| Work order |
Only one stretch of the listing below is wanted. Begin at the line that has "Set Implicit Arguments. Unset", stop after the line that has "(d : 'rV[int]_n -> 'rV[int]_n -> R) (x0", and repeat every line in between exactly.

┄┄┄┄┄┄┄┄┄┄┄┄┄┄┄┄┄┄┄┄

(* Let $(X,d,\kappa)$ be a digital metric space with more than one point. Suppose there exist $x_0,y_0 \in X$ such that $d(x_0,y_0) = \min\{d(x,y) : x,y \in X,\ d(x,y) > 0\}$. Then there is no function $T: X \to X$ that is both onto and a digital expansive mapping.
   Context: A digital metric space is a triple $(X,d,\kappa)$ with $X\subset\mathbb{Z}^n$, $\kappa$ an adjacency relation on $X$, and $d$ a metric on $X$. A function $T: X \to X$ is a digital expansive mapping if there exists $k > 1$ such that $d(T(x),T(y)) \ge k\,d(x,y)$ for all $x,y \in X$. *)

(* points of Z^n are row vectors 'rV[int]_n; the metric is
   valued in an arbitrary real number type R : realType. *)
From HB Require Import structures.
From mathcomp Require Import all_boot all_order all_algebra.
From mathcomp Require Import reals.
Set Implicit Arguments. Unset Strict Implicit. Unset Printing Implicit Defensive.
Import Order.TTheory GRing.Theory Num.Theory.
Local Open Scope ring_scope.

Definition is_metric_on (R : realType) (n : nat) (X : 'rV[int]_n -> Prop)
    (d : 'rV[int]_n -> 'rV[int]_n -> R) : Prop :=
  (forall x y, X x -> X y -> 0 <= d x y) /\
  (forall x y, X x -> X y -> (d x y = 0 <-> x = y)) /\
  (forall x y, X x -> X y -> d x y = d y x) /\
  (forall x y z, X x -> X y -> X z -> d x z <= d x y + d y z).

Definition is_adjacency_on (n : nat) (X : 'rV[int]_n -> Prop)
    (kappa : 'rV[int]_n -> 'rV[int]_n -> Prop) : Prop :=
  (forall x, X x -> ~ kappa x x) /\
  (forall x y, X x -> X y -> kappa x y -> kappa y x).

Definition digital_metric_space (R : realType) (n : nat) (X : 'rV[int]_n -> Prop)
    (d : 'rV[int]_n -> 'rV[int]_n -> R) (kappa : 'rV[int]_n -> 'rV[int]_n -> Prop) : Prop :=
  is_metric_on X d /\ is_adjacency_on X kappa.

Definition maps_into (n : nat) (X : 'rV[int]_n -> Prop) (T : 'rV[int]_n -> 'rV[int]_n) : Prop :=
  forall x, X x -> X (T x).

Definition onto_on (n : nat) (X : 'rV[int]_n -> Prop) (T : 'rV[int]_n -> 'rV[int]_n) : Prop :=
  forall y, X y -> exists x, X x /\ T x = y.

Definition digital_expansive (R : realType) (n : nat) (X : 'rV[int]_n -> Prop)
    (d : 'rV[int]_n -> 'rV[int]_n -> R) (T : 'rV[int]_n -> 'rV[int]_n) : Prop :=
  exists k : R, 1 < k /\ forall x y, X x -> X y -> k * d x y <= d (T x) (T y).

Definition is_min_pos_dist (R : realType) (n : nat) (X : 'rV[int]_n -> Prop)
    (d : 'rV[int]_n -> 'rV[int]_n -> R) (x0 y0 : 'rV[int]_n) : Prop :=
  X x0 /\ X y0 /\ 0 < d x0 y0 /\
  (forall x y, X x -> X y -> 0 < d x y -> d x0 y0 <= d x y).

From HB Require Import structures.
From mathcomp Require Import all_boot all_order all_algebra.
From mathcomp Require Import reals.
Import Order.TTheory GRing.Theory Num.Theory.
Local Open Scope ring_scope.

(* Pull a pair at positive distance back along the onto map T: the preimages
   are again at positive distance, and expansiveness makes that distance
   strictly smaller.  So no positive distance can be minimal. *)

Section OntoExpansive.
Local Set Implicit Arguments. Local Unset Strict Implicit.

Variables (R : numDomainType) (A : Type) (X : A -> Prop) (d : A -> A -> R).
Hypothesis d_ge0 : forall x y, X x -> X y -> 0 <= d x y.
Hypothesis d_eq0 : forall x y, X x -> X y -> d x y = 0 <-> x = y.

Lemma dist_gt0 x y : X x -> X y -> 0 < d x y <-> x <> y.
Proof.
move=> Xx Xy; split=> [dxy_gt0 eq_xy | neq_xy].
  by move: dxy_gt0; rewrite eq_xy (proj2 (d_eq0 Xy Xy)) ?ltxx.
by rewrite lt0r d_ge0 // andbT; apply/eqP => /(d_eq0 Xx Xy).
Qed.

Lemma expansive_dist_lt (T : A -> A) (k : R) (a b : A) :
  1 < k -> 0 < d a b -> k * d a b <= d (T a) (T b) -> d a b < d (T a) (T b).
Proof. by move=> k_gt1 dab_gt0; apply: lt_le_trans; rewrite ltr_pMl. Qed.

Lemma onto_expansive_smaller_pos_dist (T : A -> A) (k : R) :
  (forall y, X y -> exists x, X x /\ T x = y) -> 1 < k ->
  (forall x y, X x -> X y -> k * d x y <= d (T x) (T y)) ->
  forall x0 y0, X x0 -> X y0 -> 0 < d x0 y0 ->
  exists a b, [/\ X a, X b, 0 < d a b & d a b < d x0 y0].
Proof.
move=> T_onto k_gt1 T_expand x0 y0 Xx0 Xy0 d0_gt0.
have [a [Xa Ta]] := T_onto x0 Xx0; have [b [Xb Tb]] := T_onto y0 Xy0.
have dab_gt0 : 0 < d a b.
  apply/dist_gt0 => // eq_ab; move/dist_gt0: d0_gt0; apply=> //.
  by rewrite -Ta -Tb eq_ab.
exists a, b; split=> //; rewrite -Ta -Tb.
exact: expansive_dist_lt k_gt1 dab_gt0 (T_expand a b Xa Xb).
Qed.

End OntoExpansive.

Theorem mainTheorem9 (R : realType) (n : nat) (X : 'rV[int]_n -> Prop)
    (d : 'rV[int]_n -> 'rV[int]_n -> R) (kappa : 'rV[int]_n -> 'rV[int]_n -> Prop) :
  digital_metric_space X d kappa ->
  (exists x y, X x /\ X y /\ x <> y) ->
  (exists x0 y0, is_min_pos_dist X d x0 y0) ->
  ~ (exists T : 'rV[int]_n -> 'rV[int]_n,
       maps_into X T /\ onto_on X T /\ digital_expansive X d T).
Proof.
move=> [[d_ge0 [d_eq0 _]] _] _ [x0 [y0 [Xx0 [Xy0 [d0_gt0 d0_min]]]]].
move=> [T [_ [T_onto [k [k_gt1 T_expand]]]]].
have [a [b [Xa Xb dab_gt0 dab_lt]]] :=
  onto_expansive_smaller_pos_dist d_ge0 d_eq0 T_onto k_gt1 T_expand Xx0 Xy0 d0_gt0.
by move: (d0_min a b Xa Xb dab_gt0); rewrite leNgt dab_lt.
Qed.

┄┄┄┄┄┄┄┄┄┄┄┄┄┄┄┄┄┄┄┄

| Problem solution |
Set Implicit Arguments. Unset Strict Implicit. Unset Printing Implicit Defensive.
Import Order.TTheory GRing.Theory Num.Theory.
Local Open Scope ring_scope.

Definition is_metric_on (R : realType) (n : nat) (X : 'rV[int]_n -> Prop)
    (d : 'rV[int]_n -> 'rV[int]_n -> R) : Prop :=
  (forall x y, X x -> X y -> 0 <= d x y) /\
  (forall x y, X x -> X y -> (d x y = 0 <-> x = y)) /\
  (forall x y, X x -> X y -> d x y = d y x) /\
  (forall x y z, X x -> X y -> X z -> d x z <= d x y + d y z).

Definition is_adjacency_on (n : nat) (X : 'rV[int]_n -> Prop)
    (kappa : 'rV[int]_n -> 'rV[int]_n -> Prop) : Prop :=
  (forall x, X x -> ~ kappa x x) /\
  (forall x y, X x -> X y -> kappa x y -> kappa y x).

Definition digital_metric_space (R : realType) (n : nat) (X : 'rV[int]_n -> Prop)
    (d : 'rV[int]_n -> 'rV[int]_n -> R) (kappa : 'rV[int]_n -> 'rV[int]_n -> Prop) : Prop :=
  is_metric_on X d /\ is_adjacency_on X kappa.

Definition maps_into (n : nat) (X : 'rV[int]_n -> Prop) (T : 'rV[int]_n -> 'rV[int]_n) : Prop :=
  forall x, X x -> X (T x).

Definition onto_on (n : nat) (X : 'rV[int]_n -> Prop) (T : 'rV[int]_n -> 'rV[int]_n) : Prop :=
  forall y, X y -> exists x, X x /\ T x = y.

Definition digital_expansive (R : realType) (n : nat) (X : 'rV[int]_n -> Prop)
    (d : 'rV[int]_n -> 'rV[int]_n -> R) (T : 'rV[int]_n -> 'rV[int]_n) : Prop :=
  exists k : R, 1 < k /\ forall x y, X x -> X y -> k * d x y <= d (T x) (T y).

Definition is_min_pos_dist (R : realType) (n : nat) (X : 'rV[int]_n -> Prop)
    (d : 'rV[int]_n -> 'rV[int]_n -> R) (x0 y0 : 'rV[int]_n) : Prop :=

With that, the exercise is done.